Start of Block

(* Let $(V,\varrho,K)$ be a representation of a difference Lie algebra $(\mathfrak g,D)$. Set $\mathfrak C^1=\mathrm{Hom}(\mathfrak g,V)$ and $\mathfrak C^n=\mathrm{Hom}(\wedge^n\mathfrak g,V)\oplus\mathrm{Hom}(\wedge^{n-1}\mathfrak g,V)$ for $n\ge2$, and define $\delta_\varrho:\mathfrak C^n\to\mathfrak C^{n+1}$ by $\delta_\varrho(f,\theta)=(d^{CE}_\varrho f,\ \partial\theta+T(f))$ (for $n=1$, $\delta_\varrho f=(d^{CE}_\varrho f,T(f))$). Then $\delta_\varrho\circ\delta_\varrho=0$.
   Context: A difference Lie algebra $(\mathfrak g,D)$: a Lie algebra with linear $D$ such that $D[x,y]=[x,D(y)]-[y,D(x)]+[D(x),D(y)]$. A representation $(V,\varrho,K)$: a Lie algebra representation $\varrho:\mathfrak g\to\mathfrak{gl}(V)$ and linear $K:V\to V$ with $K(\varrho(x)u)=\varrho(D(x))u+\varrho(x)K(u)+\varrho(D(x))K(u)$. $d^{CE}_\varrho$ is the Chevalley–Eilenberg differential of $\mathfrak g$ with coefficients in $(V,\varrho)$. For $\theta\in\mathrm{Hom}(\wedge^{n-1}\mathfrak g,V)$: $\partial\theta(x_1,\dots,x_n)=\sum_{i=1}^n(-1)^{i+1}\varrho(x_i)\theta(x_1,\dots,\hat x_i,\dots,x_n)+\sum_{i=1}^n(-1)^{i+1}\varrho(D(x_i))\theta(x_1,\dots,\hat x_i,\dots,x_n)+\sum_{i<j}(-1)^{i+j}\theta([x_i,x_j],x_1,\dots,\hat x_i,\dots,\hat x_j,\dots,x_n)$. For $f\in\mathrm{Hom}(\wedge^n\mathfrak g,V)$: $T(f)(x_1,\dots,x_n)=(-1)^n\big(\sum_{k=1}^n\sum_{1\le i_1<\cdots<i_k\le n}f(y_1,\dots,y_n)-K(f(x_1,\dots,x_n))\big)$, where $y_j=D(x_j)$ if $j\in\{i_1,\dots,i_k\}$ and $y_j=x_j$ otherwise. *)

From HB Require Import structures.
From mathcomp Require Import all_boot all_order all_algebra.
Set Implicit Arguments. Unset Strict Implicit. Unset Printing Implicit Defensive.
Import GRing.Theory.
Local Open Scope ring_scope.
(* Let $X$ be a first countable, connected, locally path connected space, $n\in\mathbb{N}$, and let $A_1,\dots,A_n$ be pairwise disjoint, path connected, closed subsets of $X$ such that $X/(A_1,\dots,A_n)$ is semi-locally simply connected. Let $p:X\to X/(A_1,\dots,A_n)$ be the quotient map. Then for every $a\in\bigcup_{i=1}^nA_i$, with $*=p(a)$, the induced homomorphism $p_*:\pi_1(X,a)\to\pi_1(X/(A_1,\dots,A_n),* )$ is surjective.
   Context: $X/(A_1,\dots,A_n)$ denotes the quotient space obtained by collapsing each $A_i$ to a point, with quotient map $p$. A space $Y$ is semi-locally simply connected if every $y\in Y$ has an open neighborhood $U$ such that every loop in $U$ based at $y$ is nullhomotopic in $Y$. *)

From Stdlib Require Import Reals Lra.
Open Scope R_scope.

Record Top := {
  carrier :> Type;
  isOpen : (carrier -> Prop) -> Prop;
  open_full : isOpen (fun _ => True);
  open_inter : forall U V, isOpen U -> isOpen V -> isOpen (fun x => U x /\ V x);
  open_union : forall (J : Type) (G : J -> carrier -> Prop),
      (forall j, isOpen (G j)) -> isOpen (fun x => exists j, G j x)
}.
Arguments isOpen {t} _.

Definition isClosed {X : Top} (A : X -> Prop) : Prop :=
  isOpen (fun x => ~ A x).

Definition I := { t : R | 0 <= t <= 1 }.
Definition I0 : I := exist _ 0 (conj (Rle_refl 0) Rle_0_1).
Definition I1 : I := exist _ 1 (conj Rle_0_1 (Rle_refl 1)).

Definition I_open (V : I -> Prop) : Prop :=
  forall t, V t -> exists eps, eps > 0 /\
    forall s : I, Rabs (proj1_sig s - proj1_sig t) < eps -> V s.

Definition I2_open (V : I * I -> Prop) : Prop :=
  forall p, V p -> exists eps, eps > 0 /\
    forall q : I * I,
      Rabs (proj1_sig (fst q) - proj1_sig (fst p)) < eps ->
      Rabs (proj1_sig (snd q) - proj1_sig (snd p)) < eps -> V q.
(* Let $N\ge 3$, $0<p<1$, and let $E_N$ be the minimal cost of a Hamiltonian cycle on $N$ points drawn independently and uniformly in $[0,1]$. Then $$\mathbb E[E_N]=\frac{\Gamma(N+1)}{\Gamma(N+p+1)}\left[(N-1)\,\Gamma(p+1)+\frac{\Gamma(N+p-1)}{\Gamma(N-1)}\right],$$ and consequently $\lim_{N\to\infty}N^{p-1}\,\mathbb E[E_N]=\Gamma(p+1)$.
   Context: For points $x_1,\dots,x_N\in[0,1]$ forming the vertices of the complete graph $\mathcal K_N$, the weight of the edge $\{x_i,x_j\}$ is $|x_i-x_j|^p$ and the cost of a Hamiltonian cycle is the sum of its edge weights; $E_N$ is the minimum of this cost over all Hamiltonian cycles. *)

From Stdlib Require Import Reals Lra Lia List Permutation Classical ClassicalEpsilon.
Open Scope R_scope.

(* x^a for real exponent a, with the convention 0^a = 0 (used for a > 0). *)
Definition rpow (x a : R) : R := if Rle_dec x 0 then 0 else Rpower x a.

(* Euler Gamma function, Gamma(s) = int_0^oo t^(s-1) e^(-t) dt, as an
   improper Riemann integral (all arguments used below are >= 1, so the
   integrand is bounded near 0). *)
Definition gamma_integrand (s t : R) : R :=
  if Rle_dec t 0 then 0 else Rpower t (s - 1) * exp (- t).

Definition is_Gamma (s g : R) : Prop :=
  (forall b, 0 <= b -> exists pr : Riemann_integrable (gamma_integrand s) 0 b, True) /\
  (forall eps, 0 < eps -> exists B, forall b, B <= b ->
     forall pr : Riemann_integrable (gamma_integrand s) 0 b,
       Rabs (RiemannInt pr - g) < eps).

Definition Gamma (s : R) : R :=
  proj1_sig (constructive_indefinite_description (fun g => is_Gamma s g \/
      ~ (exists g', is_Gamma s g'))
    (match classic (exists g', is_Gamma s g') with
     | or_introl (ex_intro _ g H) => ex_intro _ g (or_introl H)
     | or_intror H => ex_intro _ 0 (or_intror H)
     end)).

Definition pt (xs : list R) (i : nat) : R := nth i xs 0.

Fixpoint path_cost (p : R) (xs : list R) (c : list nat) : R :=
  match c with
  | i :: ((j :: _) as c') => rpow (Rabs (pt xs i - pt xs j)) p + path_cost p xs c'
  | _ => 0
  end.

Definition cycle_cost (p : R) (xs : list R) (c : list nat) : R :=
  match c with
  | nil => 0
  | i :: _ => path_cost p xs (c ++ (i :: nil))
  end.

Definition is_ham_cycle (N : nat) (c : list nat) : Prop := Permutation c (seq 0 N).

Definition is_min_cost (N : nat) (p : R) (xs : list R) (m : R) : Prop :=
  (exists c, is_ham_cycle N c /\ cycle_cost p xs c = m) /\
  (forall c, is_ham_cycle N c -> m <= cycle_cost p xs c).

Definition E_N (N : nat) (p : R) (xs : list R) : R :=
  proj1_sig (constructive_indefinite_description
    (fun m => is_min_cost N p xs m \/ ~ (exists m', is_min_cost N p xs m'))
    (match classic (exists m', is_min_cost N p xs m') with
     | or_introl (ex_intro _ m H) => ex_intro _ m (or_introl H)
     | or_intror H => ex_intro _ 0 (or_intror H)
     end)).

(* IterInt n F v : the iterated Riemann integral over [0,1]^n of F
   (F applied to the list [x_1; ...; x_n]) exists and equals v.
   The outermost integral is over x_1. *)
Fixpoint IterInt (n : nat) (F : list R -> R) (v : R) : Prop :=
  match n with
  | O => v = F nil
  | S n' => exists g : R -> R,
      (forall t, 0 <= t <= 1 -> IterInt n' (fun ys => F (t :: ys)) (g t)) /\
      exists pr : Riemann_integrable g 0 1, RiemannInt pr = v
  end.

End of Block

▶ _What is required_: Determine how many lines of the listing above include the word "IterInt", and report that number only.

▶ _Result below_: 3